Over at Brookings, Laurence Chandy and Geoffrey Gertz have been crunching the data in the IMF’s new World Economic Outlook, which came out yesterday (pdf of the WEO executive summary here).
One of the most interesting bits of their analysis is a comparison between the 2008 WEO’s forecasts of countries’ GDP in 2013, and what the new WEO forecasts for the same year – in other words, a measure of how much the financial crisis and global downturn has messed up countries’ prospects.

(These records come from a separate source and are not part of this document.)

Lemma S0P_y_gt0 : [/\ 0 < y1, 0 < y2 & 0 < y3]%N.
Proof.
by case: hS0 => _ _ [_ _ _ [/squarefreeMr/squarefree_gt0 ? /squarefreeMr/squarefree_gt0 ?
  /squarefreeMr/squarefree_gt0 ?]].
Qed.

Lemma S0P_a_neq0 : [/\ a1 != 0, a2 != 0 & a3 != 0].
Proof.
by case: hS0 => _ _ [_ _ _ [/squarefreeMl[? _] /squarefreeMl[? _] /squarefreeMl[? _]]].
Qed.

Lemma S0P_coprime_ax : coprime `|a2| x1 /\ coprime `|a1| x2.
Proof.
case: hS0 => _ _ [_ _ cop _].
have ca (a : int) (x : nat) : (`|a| %| `|(a1 * a2 * a3)%R|)%N ->
    (x %| x1 * x2 * x3 * y1 * y2 * y3)%N -> coprime `|a| x.
  by move=> da dx; apply: coprime_dvdl da (coprime_dvdr dx _); rewrite /coprime cop.
split; apply: ca; rewrite ?abszM -!mulnA.
- by rewrite dvdn_mull ?dvdn_mulr.
- exact: dvdn_mulr.
- exact: dvdn_mulr.
- by rewrite dvdn_mull ?dvdn_mulr.
Qed.

Lemma S0P_coprime_y : coprime y1 y2.
Proof.
have [y1_gt0 y2_gt0 _] := S0P_y_gt0.
case: hS0 => _ _ [e g1 g2 _].
rewrite coprime_has_primes //; apply/hasPn => p; rewrite !mem_primes.
move=> /and3P[p_pr _ py2]; apply/negP => /and3P[_ _ py1].
have p_ndvd1 : ~~ (p %| 1)%N by rewrite dvdn1 neq_ltn prime_gt1 ?orbT.
have : (p%:Z %| a3 * (x3 ^ 2 * y3 ^ 3)%N%:Z)%Z.
  rewrite (_ : a3 * _ = - (a1 * (x1 ^ 2 * y1 ^ 3)%N%:Z + a2 * (x2 ^ 2 * y2 ^ 3)%N%:Z)).
    rewrite rpredN rpredD // dvdz_mull // dvdzE /= dvdn_mull // dvdn_exp //.
  by apply/eqP; rewrite -addr_eq0 addrC e.
rewrite dvdzE abszM /= !(Euclid_dvdM, Euclid_dvdX) // !andbT => /orP[pa3|pxy3].
  apply: (negP p_ndvd1); rewrite -g2 dvdn_gcd !abszM dvdn_mull //=.
  by apply: dvdn_trans py1 _; do 2!apply: dvdn_mulr; exact: dvdn_mull.
apply: (negP p_ndvd1); rewrite -g1 !dvdn_gcd (dvdn_mull _ py1) (dvdn_mull _ py2).
by case/orP: pxy3 => ?; [apply: dvdn_mulr | apply: dvdn_mull].
Qed.

End S0Facts.

Lemma S0P_x3y3_uniq (a1 a2 a3 : int) (X1 X2 X3 Y1 Y2 Y3 x1 x2 x3 x3' y1 y2 y3 y3' : nat) :
  S0P a1 a2 a3 X1 X2 X3 Y1 Y2 Y3 x1 x2 x3 y1 y2 y3 ->
  S0P a1 a2 a3 X1 X2 X3 Y1 Y2 Y3 x1 x2 x3' y1 y2 y3' -> x3 = x3' /\ y3 = y3'.
Proof.
move=> h h'; have [_ _ x3_gt0] := S0P_x_gt0 h; have [_ _ x3'_gt0] := S0P_x_gt0 h'.
have [_ _ a30] := S0P_a_neq0 h.
case: h h' => _ _ [e _ _ [_ _ sq3]] [_ _ [e' _ _ [_ _ sq3']]].
apply: sqr_cube_inj (squarefreeMr sq3) (squarefreeMr sq3') _ => //.
have : a3 * (x3 ^ 2 * y3 ^ 3)%N%:Z = a3 * (x3' ^ 2 * y3' ^ 3)%N%:Z.
  by apply: (addrI (a1 * (x1 ^ 2 * y1 ^ 3)%N%:Z + a2 * (x2 ^ 2 * y2 ^ 3)%N%:Z)); rewrite e e'.
by move/(mulfI a30) => [].
Qed.

Definition S1_cond (a1 a2 : int) (x1 x2 y1 y2 : nat) (g nu : rat) : Prop :=
  [/\ g != 0, nu != 0,
    (a2 * x1%:Z)%:~R = nu * (4 * a1%:~R * y1%:R - 5 * g ^+ 2 * a2%:~R * y2%:R)
  & (a1 * x2%:Z)%:~R
      = nu * g ^+ 3 * (5 * a1%:~R * y1%:R - 4 * g ^+ 2 * a2%:~R * y2%:R)].

Section S1Facts.

Variables (a1 a2 a3 : int) (X1 X2 X3 Y1 Y2 Y3 x1 x2 x3 y1 y2 y3 : nat).
Variables (g nu : rat).
Hypothesis hS0 : S0P a1 a2 a3 X1 X2 X3 Y1 Y2 Y3 x1 x2 x3 y1 y2 y3.
Hypothesis hS1 : S1_cond a1 a2 x1 x2 y1 y2 g nu.

Lemma S1_cond_eqn :
  [/\ S1_eqn (a1 * x2%:Z) (a2 * x1%:Z) (a1 * y1%:Z) (a2 * y2%:Z) (numq g) (denq g),
      4 * (a1 * y1%:Z) * denq g ^+ 2 - 5 * (a2 * y2%:Z) * numq g ^+ 2 != 0 &
      5 * (a1 * y1%:Z) * denq g ^+ 2 - 4 * (a2 * y2%:Z) * numq g ^+ 2 != 0].
Proof.
have [x1_gt0 x2_gt0 _] := S0P_x_gt0 hS0.
have [a10 a20 _] := S0P_a_neq0 hS0.
have [_ _ e1 e2] := hS1.
apply: (clear_denominators (nu := nu)); rewrite ?mulf_neq0 ?posz_neq0 //.
  by rewrite e1 !rmorphM !mulrA.
by rewrite e2 !rmorphM !mulrA.
Qed.
Lemma lyap_locally_asymptotically_stable : locally_asymptotically_stable F G x y.
Proof.
  split.
  - intros eps Heps. set (c := Rmin rho eps).
    assert (Hc : 0 < c <= rho /\ c <= eps) by (unfold c; apply Rmin_case_strong; lra).
    exists (c / k). split; [apply Rdiv_lt_0_compat; lra|].
    intros T N P Hs H0 t Ht. apply (Rlt_le_trans _ c); [|lra].
    apply (dist2_lt_of_lyap k); [lra..|].
    apply (lyap_sublevel_invariant T); try easy. apply lyap_lt_of_dist2; lra.
  - exists (rho / k). split; [apply Rdiv_lt_0_compat; lra|].
    intros N P Hs H0. set (V0 := lyap k x y (N 0) (P 0)).
    assert (Hdec : forall t, 0 <= t -> lyap k x y (N t) (P t) <= V0 * exp (- (g * t))).
    { intros t Ht. rewrite exp_Ropp. pose proof (exp_pos (g * t)).
      apply (Rmult_le_reg_r (exp (g * t))); [lra|]. rewrite Rmult_assoc, Rinv_l, Rmult_1_r by lra.
      apply (lyap_exp_decay t); [intros u Hu; apply Hs; lra | | lra].
      apply lyap_lt_of_dist2; lra. }
    split; apply (is_lim_of_sq_le_exp _ _ V0 g Hg); intros t Ht; specialize (Hdec t Ht);
      unfold lyap in Hdec; pose proof (pow2_ge_0 (N t - x)); pose proof (pow2_ge_0 (P t - y)); nra.
Qed.

End QuadraticLyapunov.

(* For [u' = - ph u - mv v], [v' = qv v]: the weight [k] on [v^2] is chosen so that
   the cross term [- 2 mv u v] is absorbed by AM-GM. *)
Lemma triangular_lyap_bound u v ph qv mv al be M k :
  0 < al -> 0 < be -> 0 <= M -> be <= ph -> qv <= - al -> Rabs mv <= M ->
  k = 1 + M ^ 2 / (al * be) ->
  2 * u * (- u * ph - mv * v) + k * (2 * v * (v * qv)) <= - Rmin al be * (u ^ 2 + k * v ^ 2).
Proof.
  intros Hal Hbe HM Hph Hq Hm Hk.
  assert (HkM : M ^ 2 = (k - 1) * al * be) by (rewrite Hk; field; lra).
  assert (Hk1 : 1 <= k).
  { rewrite Hk. enough (0 <= M ^ 2 / (al * be)) by lra.
    apply Rdiv_le_0_compat; [apply pow2_ge_0 | nra]. }
  assert (Hcross : - (2 * mv * u * v) * be <= be * be * u ^ 2 + M ^ 2 * v ^ 2).
  { assert (- (mv * u * v) <= M * (Rabs u * Rabs v)).
    { eapply Rle_trans; [apply Rle_abs|]. rewrite Rabs_Ropp, !Rabs_mult, Rmult_assoc.
      apply Rmult_le_compat_r; [apply Rmult_le_pos; apply Rabs_pos | exact Hm]. }
    rewrite <- (pow2_abs u), <- (pow2_abs v).
    pose proof (pow2_ge_0 (be * Rabs u - M * Rabs v)). nra. }
  assert (Hcross' : - (2 * mv * u * v) <= be * u ^ 2 + (k - 1) * al * v ^ 2).
  { rewrite HkM in Hcross. apply (Rmult_le_reg_r be); [exact Hbe|]. nra. }
  pose proof (pow2_ge_0 u). pose proof (pow2_ge_0 v).
  assert (u ^ 2 * be <= u ^ 2 * ph) by nra.
  assert (Hkv : 0 <= k * v ^ 2) by nra.
  assert (k * v ^ 2 * qv <= - (k * v ^ 2 * al)).
  { replace (- (k * v ^ 2 * al)) with (k * v ^ 2 * (- al)) by ring.
    now apply Rmult_le_compat_l. }
  set (m := Rmin al be). assert (m <= al /\ m <= be) by (split; [apply Rmin_l | apply Rmin_r]).
  assert (m * u ^ 2 <= be * u ^ 2 /\ m * (k * v ^ 2) <= al * (k * v ^ 2)) by (split; nra).
  nra.
Qed.

(** * Existence of solutions by Picard iteration *)

Lemma geom_lt B e : 0 < e -> exists n, B / 2 ^ n < e.
Proof.
  intros He.
  assert (Hq : 0 < e / (Rabs B + 1)) by (apply Rdiv_lt_0_compat; pose proof (Rabs_pos B); lra).
  destruct (pow_lt_1_zero (/ 2) ltac:(rewrite Rabs_pos_eq; lra) _ Hq) as [n Hn].
  exists n. specialize (Hn n (Nat.le_refl n)).
  rewrite pow_inv, Rabs_pos_eq in Hn by (apply Rlt_le, Rinv_0_lt_compat, pow_lt; lra).
  pose proof (Rle_abs B). pose proof (Rabs_pos B).
  assert (Hn' : / 2 ^ n * (Rabs B + 1) < e) by (apply Rlt_div_r in Hn; lra).
  pose proof (Rinv_0_lt_compat _ (pow_lt 2 n ltac:(lra))). unfold Rdiv. nra.
Qed.

Lemma eq_0_of_le_geom z A : (forall n, Rabs z <= A / 2 ^ n) -> z = 0.
Proof.
  intros H. destruct (Req_dec z 0) as [|Hz]; [easy|].
  destruct (geom_lt A (Rabs z) (Rabs_pos_lt _ Hz)) as [n Hn]. specialize (H n). lra.
Qed.

Lemma Lim_seq_dist_le_geom (u : nat -> R) A :
  (forall n m, (n <= m)%nat -> Rabs (u m - u n) <= A / 2 ^ n) ->
  forall n, Rabs (real (Lim_seq u) - u n) <= A / 2 ^ n.
Proof.
  intros Hu.
  assert (Hex : ex_finite_lim_seq u).
  { apply ex_lim_seq_cauchy_corr. intros [e He]. simpl.
    destruct (geom_lt (2 * A) e He) as [N HN]. exists N. intros n m Hn Hm.
    pose proof (Hu N n Hn). pose proof (Hu N m Hm).
    replace (u n - u m) with ((u n - u N) - (u m - u N)) by ring.
    eapply Rle_lt_trans; [apply Rabs_triang|]. rewrite Rabs_Ropp.
    replace (2 * A / 2 ^ N) with (A / 2 ^ N + A / 2 ^ N) in HN by (field; apply pow_nonzero; lra).
    lra. }
  intros n. pose proof (Lim_seq_correct' u Hex) as Hl. apply is_lim_seq_spec in Hl.
  set (l := real (Lim_seq u)) in *.
  apply Rnot_lt_le. intros Hgt.
  destruct (Hl (mkposreal _ (proj2 (Rlt_0_minus _ _) Hgt))) as [N HN]. simpl in HN.
  set (M := Nat.max N n). specialize (HN M (Nat.le_max_l _ _)). specialize (Hu n M (Nat.le_max_r _ _)).
  enough (Rabs (l - u n) <= Rabs (u M - u n) + Rabs (u M - l)) by lra.
  replace (l - u n) with ((u M - u n) + (l - u M)) by ring.
  rewrite <- (Rabs_Ropp (u M - l)), Ropp_minus_distr. apply Rabs_triang.
Qed.

Lemma continuous_of_geom_approx (f : R -> R) (g : nat -> R -> R) A t :
  (forall n u, Rabs (f u - g n u) <= A / 2 ^ n) -> (forall n, continuous (g n) t) ->
  continuous f t.
Proof.
  intros Happ Hg. apply continuous_Rabs_iff. intros e He.
  destruct (geom_lt (3 * A) e He) as [n Hn].
  destruct (proj1 (continuous_Rabs_iff _ _) (Hg n) (e / 3)) as [d [Hd Hgd]]; [lra|].
  exists d. split; [exact Hd|]. intros y Hy. specialize (Hgd y Hy).
  pose proof (Happ n y). pose proof (Happ n t).
  replace (f y - f t) with ((f y - g n y) + (g n y - g n t) - (f t - g n t)) by ring.
  replace (3 * A / 2 ^ n) with (3 * (A / 2 ^ n)) in Hn by (field; apply pow_nonzero; lra).
  eapply Rle_lt_trans; [apply Rabs_triang|]. rewrite Rabs_Ropp.
  pose proof (Rabs_triang (f y - g n y) (g n y - g n t)). lra.
Qed.

Definition clamp (lo hi t : R) : R := Rmin (Rmax t lo) hi.

Lemma clamp_in lo hi t : lo <= hi -> lo <= clamp lo hi t <= hi.
Proof. intros. unfold clamp. repeat (apply Rmin_case_strong || apply Rmax_case_strong); lra. Qed.

Lemma clamp_id lo hi t : lo <= t <= hi -> clamp lo hi t = t.
Proof. intros. unfold clamp. repeat (apply Rmin_case_strong || apply Rmax_case_strong); lra. Qed.
(* Let $X_n$ be the final altitude of a uniformly random Dyck meander with catastrophes of length $n$. Then $X_n$ admits a geometric limit distribution: $\Pr(X_n=k)\sim(1-\lambda)\lambda^k$, where $\lambda=v_1(\rho_0)^{-1}\approx0.6823278$ is the unique real positive root of $\lambda^3+\lambda-1$, namely $\lambda=\frac16\big(108+12\sqrt{93}\big)^{1/3}-2\big(108+12\sqrt{93}\big)^{-1/3}$.
   Context: Dyck paths with catastrophes: paths starting at altitude $0$, never going below $0$, with steps $+1$, $-1$, and catastrophes (a step from an altitude $h\ge2$ directly to altitude $0$); meanders may end at any altitude; length = number of steps; the final altitude is the altitude of the endpoint. Here $v_1(z)=\frac{1+\sqrt{1-4z^2}}{2z}$ is the large root of $1-z(u^{-1}+u)=0$, and $\rho_0\approx0.46557$ is the unique positive root of $\rho_0^3+2\rho_0^2+\rho_0-1$. *)

From Stdlib Require Import Reals List Arith.
From Coquelicot Require Import Coquelicot.
Import ListNotations.
Open Scope R_scope.

Inductive step := Up | Down | Cat.

Fixpoint run (h : nat) (s : list step) : option nat :=
  match s with
  | nil => Some h
  | Up :: t => run (S h) t
  | Down :: t => match h with O => None | S h' => run h' t end
  | Cat :: t => if Nat.leb 2 h then run O t else None
  end.

Fixpoint words (n : nat) : list (list step) :=
  match n with
  | O => [nil]
  | S m => flat_map (fun w => [Up :: w; Down :: w; Cat :: w]) (words m)
  end.

Definition meander_total (n : nat) : nat :=
  length (filter (fun w => match run 0 w with Some _ => true | None => false end)
                 (words n)).

Definition meander_count (n k : nat) : nat :=
  length (filter (fun w => match run 0 w with Some j => Nat.eqb j k | None => false end)
                 (words n)).

Definition prob_final (n k : nat) : R := INR (meander_count n k) / INR (meander_total n).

As the map below shows, Eastern Europe and Russia are the big losers, where “for many countries 2013 incomes will be 15 to 20 percent lower than had been previously expected”. Brazil, China and India emerge more or less unscathed. All in all, “154 economies are now anticipated to be poorer in 2013 than had been thought two years ago, while only 25 are expected to be richer”.
Africa’s mixed performance will give development analysts lots to chew on. In some of the negative cases, what went wrong is fairly clear: Madagascar’s deep shade of red is presumably due to the coup there in March 09, for instance.
But overall, Chandy and Gertz find that among the 71 economies that managed to post an increase in per capita income in 2009, despite the bitter winds howling around them, we find three quarters of the world’s low income countries “who, contrary to fears, fared relatively well through the crisis”.